3. Acceptance Criteria

Before any documentation phase is marked complete, the following criteria must be met:

  1. Code Accuracy: Developer documentation must perfectly align with the main branch. e.g., STT docs must list exactly Deepgram, GeminiAudio, and Whisper.
  2. UI Reality: User documentation screenshots and descriptions must match the WinUI 3 components (e.g., WizardWindow, ControlPanelPage, QuickChatWindow, SettingsWindow).
  3. Audience Separation: Developer concepts (DI, MVVM, interfaces) must not leak into the User Documentation.

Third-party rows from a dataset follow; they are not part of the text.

Lemma perfect_Co_embeds_rat (G : set (set V)) :
  G `<=` Co X -> perfect_in X G -> embeds_rat <%R Y.
Proof.
move=> G_Co Gperf; have [S1 [x0 [GS1 S1x0]]] := perfect_in_member Gperf.
have G_perfect := Gperf.2.
have [t0 Yt0 x0t0] := X_line_trace X_line (Co_sub (G_Co _ GS1) S1x0).
(* Either the cut below t0 is constant on some open piece, and then the cut
   above t0 moves everywhere on it, or the cut below t0 moves everywhere. *)
have [[S [A [B [GS basicAB At0 SAB cut_const]]]]|cut_moves] := pselect (exists S A B,
    [/\ G S, basic_cylinder X A B, A (p t0), cylinder A B S &
     forall T, G T -> cylinder A B T -> cut t0 true T = cut t0 true S]).
  apply: embeds_rat_flip; apply: (cuts_perfect_embeds_rat G_Co (b := false) basicAB At0).
    by exists S.
  move=> T A' B' GT TAB basic' TA'B'.
  have [||T' [GT' cylT' T'T]] := G_perfect T (A `|` A') (B `|` B') GT.
  - exact: basic_cylinderU.
  - exact/cylinderU.
  exists T'; split=> // cutsE; apply: T'T.
  apply: (cut_inj (t0 := t0) (G_Co _ GT') (G_Co _ GT)).
  - by have [AT' _] := cylT'; apply: AT'; left.
  - by have [AT _] := TAB; apply: AT.
  - by rewrite (cut_const T') ?(cut_const T) //; case/cylinderU: cylT'.
  - exact: cutsE.
apply: (cuts_perfect_embeds_rat G_Co (b := true) (@basic_cylinder1 _ X (p t0) Yt0)).
- by [].
- by exists S1; split; [|apply/cylinder1; rewrite -x0t0].
move=> T A' B' GT T0 basic' TA'B'; apply: contrapT => no_move.
apply: cut_moves; exists T, ([set p t0] `|` A'), (set0 `|` B'); split=> //.
- exact: basic_cylinderU (@basic_cylinder1 _ X (p t0) Yt0) basic'.
- by left.
- exact/cylinderU.
move=> T' GT' T'0; apply: contrapT => cutsN; apply: no_move.
by exists T'; split.
Qed.
End Directions.

Theorem proposition5p5 (R : realType) (V : lmodType R) (a d : V) (X : set V) :
  d != 0 ->
  X `<=` [set a + t *: d | t in [set: R]] ->
  let iv := order_scattered (fun s t : R => s < t) [set t : R | X (a + t *: d)] in
  [/\ top_scattered X (Co X) <-> iv,
      order_scattered (@proper_subset V) (Co X) <-> iv &
      order_scattered (@proper_subset V) (Co_compact X) <-> iv].
Proof.
move=> d0 X_line iv; rewrite {}/iv.
have Co_compact_chain := embeds_rat_Co_compact d0 (X := X).
have Co_chain := Co_chain_embeds_rat X_line.
have Co_compact_Co_chain : embeds_rat (@proper_subset V) (Co_compact X) ->
    embeds_rat (@proper_subset V) (Co X) := embeds_ratS (@Co_compact_Co _ _ X).
split; split.
- by move=> top /(embeds_rat_not_top_scattered d0).
- move=> Y_scattered; apply: contrapT => /not_top_scattered_perfect[G GCo Gperf].
  exact/Y_scattered/(perfect_Co_embeds_rat X_line GCo Gperf).
- by move=> Co_scattered /Co_compact_chain/Co_compact_Co_chain.
- by move=> Y_scattered /Co_chain.
- by move=> Co_scattered /Co_compact_chain.
- by move=> Y_scattered /Co_compact_Co_chain/Co_chain.
Qed.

User documentation must remain accessible to non-technical users.
  4. Formatting: All files must be pure Markdown (.md), use active voice, and avoid platform-specific Markdown extensions unless natively supported by GitHub.
  5. Navigation: All pages must be accessible from their respective section indices (user/index.md or dev/index.md).

4. Tools & Standards

  • Format: Markdown (.md).
  • Diagrams: Mermaid.js for flows and architecture.
  • Images: Stored in docs/assets/ (To be captured later).